- **Aim of the exercise**:
Your answer should be the lines below from the one with "Lemma first_witness (p" to the one with "(* Merging [1]", both included, given again exactly and with nothing added.

-------- Material for this exercise --------

Lemma saturation_Prel_node : saturation_Prel (Node s u).
Proof.
have [[rPs sPs _ _] [rKs _ _ _]] := nc_equiv_Prel_Krel s.
have [[Ks _] [_ Pu]] := (IHs, IHu); move=> i j i0 ij jn cl.
have {}jn : j <= (k + l).+1 := jn.
case: (leqP k.+2 i) => ik.
  rewrite /= rel_concat_r; try lia.
  apply: Pu; try lia.
  move=> x y ix xj y0 yl H.
  have := cl (x + k.+1) (y + k.+1) ltac:(lia) ltac:(lia) ltac:(lia) ltac:(rewrite /=; lia)
    (Krel_node_right H ltac:(lia) ltac:(lia) y0 yl).
  lia.
case: (leqP j k.+1) => jk; last first.
  by have := cl k.+1 (k + l).+1 ltac:(lia) ltac:(lia) isT (leqnn _) Krel_node_root; lia.
rewrite /= rel_concat_l; try lia.
have [i1|i1] := eqVneq i 1.
- (* [i = 1] is the new point of [| _* K(s)], glued to the class of [k] in [K(s)] *)
  rewrite i1 rel_merge1_1x; last by apply/eqP; lia.
  have [jk1|jk1] := eqVneq j k.+1; first by rewrite jk1 subn1; apply: rKs; lia.
  apply: Ks; try lia.
  move=> x y jx xk y0 yk H; split => //.
  case: (leqP j y) => jy; first lia.
  have := cl y x ltac:(lia) ltac:(lia) ltac:(lia) ltac:(rewrite /=; lia)
    (Krel_node_left (sPs x y ltac:(lia) xk y0 yk H) y0 ltac:(lia) ltac:(lia) ltac:(lia)).
  lia.
- rewrite rel_merge1_xx; try (apply/eqP; lia).
  have -> : j - 1 = (j - 1).-1.+1 by lia.
  apply: Ks; try lia.
  move=> x y ix xj y0 yk H.
  have := cl x y ltac:(lia) ltac:(lia) y0 ltac:(rewrite /=; lia)
    (Krel_node_left H ltac:(lia) ltac:(lia) y0 yk).
  lia.
Qed.

End SaturatedNode.

Lemma saturation_Prel_Krel t : saturation_Krel t /\ saturation_Prel t.
Proof.
elim: t => [|s IHs u IHu]; first by split => i j /=; lia.
by split; [apply: saturation_Krel_node | apply: saturation_Prel_node].
Qed.

(* A [P]-block leaving [[i+1, j]] would cross the pair [{2i, 2j}] of [P \cup Q]. *)
Lemma saturated_of_noncrossing_pcup n P Q i j : is_partition n P -> is_partition n Q ->
  noncrossing (pcup P Q) -> 0 < i -> i < j -> same_block Q i j ->
  saturated n (same_block P) i.+1 j.
Proof.
move=> hP hQ nc i0 ij Qij x y ix xj y0 yn Pxy.
have [_ [_ [_ jn]]] := same_block_range hQ Qij.
have Oxy : same_block (pcup P Q) (2 * x).-1 (2 * y).-1.
  by apply/(same_block_pcup_odd _ hP) => //; lia.
have Eij : same_block (pcup P Q) (2 * i) (2 * j) by apply/(same_block_pcup_even _ hQ) => //; lia.
case: (leqP y i) => yi.
  have := noncrossing_same_block nc (_ : (2 * y).-1 < 2 * i) (_ : 2 * i < (2 * x).-1)
    (_ : (2 * x).-1 < 2 * j) (same_block_sym Oxy) Eij.
  move=> /(_ ltac:(lia) ltac:(lia) ltac:(lia)) H.
  by case: (not_same_block_pcup_odd_even hP _ _ H); lia.
case: (leqP y j) => yj //.
have := noncrossing_same_block nc (_ : 2 * i < (2 * x).-1) (_ : (2 * x).-1 < 2 * j)
  (_ : 2 * j < (2 * y).-1) Eij Oxy.
move=> /(_ ltac:(lia) ltac:(lia) ltac:(lia)) /same_block_sym H.
by case: (not_same_block_pcup_odd_even hP _ _ H); lia.
Qed.

Lemma saturated_eq_on n r r' a b : 0 < a -> b <= n -> eq_on n r r' ->
  saturated n r a b -> saturated n r' a b.
Proof. by move=> a0 bn E cl x y ax xb y0 yn /E H; apply: cl (H _ _ _ _) => //; lia. Qed.

Lemma Krel_max t P Q : is_partition (tree_size t) P -> is_partition (tree_size t) Q ->
  eq_on (tree_size t) (same_block P) (Prel t) -> noncrossing (pcup P Q) ->
  forall i j, same_block Q i j -> Krel t i j.
Proof.
move=> hP hQ EP nc i j Qij; have [i0 [iN [j0 jN]]] := same_block_range hQ Qij.
have [_ [rK sK _ _]] := nc_equiv_Prel_Krel t.
have lt_case x y : x < y -> same_block Q x y -> Krel t x y.
  move=> xy Qxy; have [x0 [_ [_ yN]]] := same_block_range hQ Qxy.
  apply: (saturation_Prel_Krel t).1 => //.
  exact: saturated_eq_on EP (saturated_of_noncrossing_pcup hP hQ nc x0 xy Qxy).
case: (ltngtP i j) => [ij|ji|<-]; first exact: lt_case.
- by apply: sK => //; apply: lt_case (same_block_sym Qij).
- exact: rK.
Qed.

Lemma last_witness (p : nat -> Prop) n : p 1 -> 0 < n ->
  exists m, [/\ 0 < m, m <= n, p m & forall y, m < y -> y <= n -> ~ p y].
Proof.
move=> p1; elim: n => [|n IH] n0 //.
have [->|n_gt0] := posnP n; first by exists 1; split => // y; lia.
case: (classic (p n.+1)) => pn; first by exists n.+1; split => // y; lia.
have [m [m0 mn pm maxm]] := IH n_gt0; exists m; split => //; first lia.
by move=> y my; rewrite leq_eqVlt => /orP [/eqP ->|] //; apply: maxm.
Qed.

Lemma first_witness (p : nat -> Prop) n : p n -> 0 < n ->
  exists m, [/\ 0 < m, m <= n, p m & forall y, 0 < y -> y < m -> ~ p y].
Proof.
move=> pn n0; have q1 : (fun y => p (n.+1 - y)) 1 by rewrite /= subn1.
have [m [m0 mn pm maxm]] := @last_witness (fun y => p (n.+1 - y)) n q1 n0.
exists (n.+1 - m); split => //; try lia.
move=> y y0 ym; rewrite -[y](@subKn y n.+1); last lia.
apply: maxm; lia.
Qed.

Section NcEquivCut.

Variables (n m : nat) (r : nat -> nat -> Prop).
Hypothesis (rn : nc_equiv n r) (m0 : 0 < m) (mn : m <= n).

Lemma nc_equiv_cut_last : r 1 m -> (forall y, m < y -> y <= n -> ~ r 1 y) ->
  forall x y, 0 < x -> x <= m -> m < y -> y <= n -> ~ r x y.
Proof.
case: rn => _ _ tr nc r1m maxm x y x0 xm my yn rxy; apply: (maxm y my yn).
have [x1|x1] := eqVneq x 1; first by rewrite -x1.
have r1x : r 1 x.
  have [xm'|xm'] := eqVneq x m; first by rewrite xm'.
  by apply: nc r1m rxy; lia.
by apply: tr r1x rxy; lia.
Qed.

Lemma nc_equiv_cut_first : r m n -> (forall y, 0 < y -> y < m -> ~ r y n) ->
  forall x y, 0 < x -> x < m -> m <= y -> y <= n -> ~ r x y.
Proof.
case: rn => _ _ tr nc rmn minm x y x0 xm my yn rxy; apply: (minm x x0 xm).
have [yn'|yn'] := eqVneq y n; first by rewrite -yn'.
have rxm : r x m.
  have [ym|ym] := eqVneq m y; first by rewrite ym.
  by apply: nc rxy rmn; lia.
by apply: tr rxm rmn; lia.
Qed.

End NcEquivCut.

(* Merging [1] with [l + 1] undoes the removal of the point [1] from a class containing [l + 1]. *)
Lemma eq_on_merge1_succ l q q' : nc_equiv l.+1 q -> q 1 l.+1 ->
  eq_on l q' (fun x y => q x.+1 y.+1) -> eq_on l.+1 (rel_merge1 l q') q.
Proof.
move=> [rf sy tr _] q1l E x y x0 xl y0 yl.
have succ_pred z : z != 1 -> 0 < z -> (z - 1).+1 = z by lia.
case_eq1 x; case_eq1 y.
- by split => // _; apply: rf.
- rewrite E ?succ_pred //; try lia.
  split => [qyl|q1y]; first by apply: tr q1l (sy _ _ _ _ _ _ qyl); lia.
  by apply: tr (sy _ _ _ _ _ _ q1y) q1l; lia.
- rewrite E ?succ_pred //; try lia.
  by split => [qxl|qx1]; [apply: tr qxl (sy _ _ _ _ _ _ q1l) | apply: tr qx1 q1l]; lia.
- by rewrite E ?succ_pred //; lia.
Qed.

Section TreeOfNcEquiv.

Variable n : nat.
Hypothesis IH : forall m, m < n -> forall r, nc_equiv m r ->
  (exists t, tree_size t = m /\ eq_on m (Prel t) r) /\
  (exists t, tree_size t = m /\ eq_on m (Krel t) r).
Variable r : nat -> nat -> Prop.
Hypotheses (rn : nc_equiv n r) (n0 : 0 < n).

Lemma exists_Prel_eq_on : exists t, tree_size t = n /\ eq_on n (Prel t) r.
Proof.
have [rf sy _ _] := rn.
have [m [m0 mn r1m maxm]] := last_witness (rf 1 isT n0) n0.
have [_ [s [ss Es]]] :=
  @IH (m - 1) ltac:(lia) _ (nc_equiv_shift rn (ltac:(lia) : 1 + (m - 1) <= n)).
have [[u [su Eu]] _] :=
  @IH (n - m) ltac:(lia) _ (nc_equiv_shift rn (ltac:(lia) : m + (n - m) <= n)).
exists (Node s u); split; first by rewrite /= ss su; lia.
move=> x y x0 xn y0 yn; rewrite /= ss.
have mE : (m - 1).+1 = m by lia.
case: (leqP x m) => xm; case: (leqP y m) => ym.
- rewrite rel_concat_l ?mE //.
  apply: eq_on_merge1_succ; rewrite ?mE //; try lia.
  + exact: nc_equiv_le rn mn.
  + by apply: eq_on_trans Es _ => a b *; rewrite !addn1.
- split => H; exfalso; first by move: H; apply: rel_concat_cross; lia.
  by apply: (nc_equiv_cut_last rn m0 mn r1m maxm) H; lia.
- split => H; exfalso; first by move: H; apply: rel_concat_cross; lia.
  by apply: (nc_equiv_cut_last rn m0 mn r1m maxm) (sy _ _ _ _ _ _ H); lia.
- rewrite rel_concat_r ?mE // Eu; try lia.
  by rewrite !subnK //; lia.
Qed.

Lemma exists_Krel_eq_on : exists t, tree_size t = n /\ eq_on n (Krel t) r.
Proof.
have [rf sy _ _] := rn.
have [m [m0 mn rmn minm]] := @first_witness (r^~ n) n (rf n n0 (leqnn n)) n0.
have [[s [ss Es]] _] := @IH (m - 1) ltac:(lia) _ (nc_equiv_le rn (ltac:(lia) : m - 1 <= n)).
have [_ [u [su Eu]]] :=
  @IH (n - m) ltac:(lia) _ (nc_equiv_shift rn (ltac:(lia) : m + (n - m) <= n)).
exists (Node s u); split; first by rewrite /= ss su; lia.
move=> x y x0 xn y0 yn; rewrite /= ss su.
case: (leqP x (m - 1)) => xm; case: (leqP y (m - 1)) => ym.
- by rewrite rel_concat_l // Es.
- split => H; exfalso; first by move: H; apply: rel_concat_cross; lia.
  by apply: (nc_equiv_cut_first rn m0 mn rmn minm x0 _ _ yn H); lia.
- split => H; exfalso; first by move: H; apply: rel_concat_cross; lia.
  by apply: (nc_equiv_cut_first rn m0 mn rmn minm y0 _ _ xn (sy _ _ _ _ _ _ H)); lia.
- rewrite rel_concat_r //.
  have shifted := nc_equiv_shift rn (ltac:(lia) : m - 1 + (n - m).+1 <= n).
  rewrite (eq_on_merge1_succ shifted); try lia.
  + by rewrite !subnK //; lia.
  + have -> : 1 + (m - 1) = m by lia.
    by have -> : (n - m).+1 + (m - 1) = n by lia.
  + apply: eq_on_trans Eu _ => a b *.
    have -> : a.+1 + (m - 1) = a + m by lia.
    by have -> : b.+1 + (m - 1) = b + m by lia.
Qed.

End TreeOfNcEquiv.

Lemma exists_tree_eq_on n r : nc_equiv n r ->
  (exists t, tree_size t = n /\ eq_on n (Prel t) r) /\
  (exists t, tree_size t = n /\ eq_on n (Krel t) r).
Proof.
elim/ltn_ind: n r => n IH r rn.
have [->|n0] := posnP n; first by split; exists Leaf; split => // x y *; lia.
by split; [apply: exists_Prel_eq_on | apply: exists_Krel_eq_on].
Qed.

Lemma is_kreweras_unique n P Q Q' : is_kreweras n P Q -> is_kreweras n P Q' -> Q = Q'.
Proof.
move=> [NQ [ncQ maxQ]] [NQ' [ncQ' maxQ']].
apply: (partition_eq_of_same_block NQ.1 NQ'.1) => x y *.
by split; apply: same_block_refines; [apply: maxQ' | apply: maxQ].
Qed.

Lemma phi_Rt_pcup t : phi (Rt t) = pcup (Ppart t) (Kpart t).
Proof.
have [hP hK] := is_partition_Ppart_Kpart t; have [EP EK] := same_block_Ppart_Kpart t.
have := is_partition_phi (Rt t); rewrite tree_size_Rt => hphi.
apply: (partition_eq_of_same_block hphi (is_partition_pcup hP hK)) => x y x0 xn y0 yn.
rewrite (@same_block_phi (Rt t)) ?tree_size_Rt //.
have [i [i0 [iN [->|->]]]] := odd_or_even_index x0 xn;
  have [j [j0 [jN [->|->]]]] := odd_or_even_index y0 yn;
  have [Hoo Hee Hoe Heo] := parity_split_phi_rel_Rt i0 iN j0 jN.
- by rewrite Hoo (same_block_pcup_odd _ hP) // EP.
- by split => // /(not_same_block_pcup_odd_even hP i0 j0).
- by split => // /same_block_sym /(not_same_block_pcup_odd_even hP j0 i0).
- by rewrite Hee (same_block_pcup_even _ hK) // EK.
Qed.

Lemma NCP_phi_Rt t : NCP (2 * tree_size t) (phi (Rt t)).
Proof.
rewrite -tree_size_Rt.
exact: NCP_of_nc_equiv (is_partition_phi _) (nc_equiv_phi_rel _) (@same_block_phi _).
Qed.

Lemma NCP_Ppart t : NCP (tree_size t) (Ppart t).
Proof.
exact: NCP_of_nc_equiv (is_partition_Ppart_Kpart t).1 (nc_equiv_Prel_Krel t).1
  (same_block_Ppart_Kpart t).1.
Qed.

Lemma NCP_Kpart t : NCP (tree_size t) (Kpart t).
Proof.
exact: NCP_of_nc_equiv (is_partition_Ppart_Kpart t).2 (nc_equiv_Prel_Krel t).2
  (same_block_Ppart_Kpart t).2.
Qed.

Lemma is_kreweras_Kpart t : is_kreweras (tree_size t) (Ppart t) (Kpart t).
Proof.
have [hP hK] := is_partition_Ppart_Kpart t; have [EP EK] := same_block_Ppart_Kpart t.
split; first exact: NCP_Kpart.
split; first by rewrite -phi_Rt_pcup; exact: (NCP_phi_Rt t).2.
move=> Q [hQ _] nc; apply: (refines_of_same_block hQ hK) => x y Qxy.
have [x0 [xn [y0 yn]]] := same_block_range hQ Qxy.
by apply/EK => //; apply: Krel_max hP hQ EP nc _ _ Qxy.
Qed.

Theorem proposition3 (n : nat) (S : setpart) :
  (exists t : tree, tree_size t = n /\ phi (Rt t) = S) <->
  (exists P Q : setpart, NCP n P /\ is_kreweras n P Q /\ S = pcup P Q).
Proof.
split.
- move=> [t [<- <-]]; exists (Ppart t), (Kpart t).
  by split; [exact: NCP_Ppart | split; [exact: is_kreweras_Kpart | exact: phi_Rt_pcup]].
- move=> [P [Q [NP [KQ ->]]]].
  have [[t [tn EP]] _] := exists_tree_eq_on (nc_equiv_same_block NP); subst n.
  have PtP : Ppart t = P.
    apply: (partition_eq_of_same_block (NCP_Ppart t).1 NP.1).
    exact: eq_on_trans (same_block_Ppart_Kpart t).1 EP.
  have QtQ : Kpart t = Q by apply: is_kreweras_unique KQ; rewrite -PtP; exact: is_kreweras_Kpart.
  by exists t; rewrite phi_Rt_pcup PtP QtQ.
Qed.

--------

- **Output for this task**:
Lemma first_witness (p : nat -> Prop) n : p n -> 0 < n ->
  exists m, [/\ 0 < m, m <= n, p m & forall y, 0 < y -> y < m -> ~ p y].
Proof.
move=> pn n0; have q1 : (fun y => p (n.+1 - y)) 1 by rewrite /= subn1.
have [m [m0 mn pm maxm]] := @last_witness (fun y => p (n.+1 - y)) n q1 n0.
exists (n.+1 - m); split => //; try lia.
move=> y y0 ym; rewrite -[y](@subKn y n.+1); last lia.
apply: maxm; lia.
Qed.

Section NcEquivCut.

Variables (n m : nat) (r : nat -> nat -> Prop).
Hypothesis (rn : nc_equiv n r) (m0 : 0 < m) (mn : m <= n).

Lemma nc_equiv_cut_last : r 1 m -> (forall y, m < y -> y <= n -> ~ r 1 y) ->
  forall x y, 0 < x -> x <= m -> m < y -> y <= n -> ~ r x y.
Proof.
case: rn => _ _ tr nc r1m maxm x y x0 xm my yn rxy; apply: (maxm y my yn).
have [x1|x1] := eqVneq x 1; first by rewrite -x1.
have r1x : r 1 x.
  have [xm'|xm'] := eqVneq x m; first by rewrite xm'.
  by apply: nc r1m rxy; lia.
by apply: tr r1x rxy; lia.
Qed.

Lemma nc_equiv_cut_first : r m n -> (forall y, 0 < y -> y < m -> ~ r y n) ->
  forall x y, 0 < x -> x < m -> m <= y -> y <= n -> ~ r x y.
Proof.
case: rn => _ _ tr nc rmn minm x y x0 xm my yn rxy; apply: (minm x x0 xm).
have [yn'|yn'] := eqVneq y n; first by rewrite -yn'.
have rxm : r x m.
  have [ym|ym] := eqVneq m y; first by rewrite ym.
  by apply: nc rxy rmn; lia.
by apply: tr rxm rmn; lia.
Qed.

End NcEquivCut.

(* Merging [1] with [l + 1] undoes the removal of the point [1] from a class containing [l + 1]. *)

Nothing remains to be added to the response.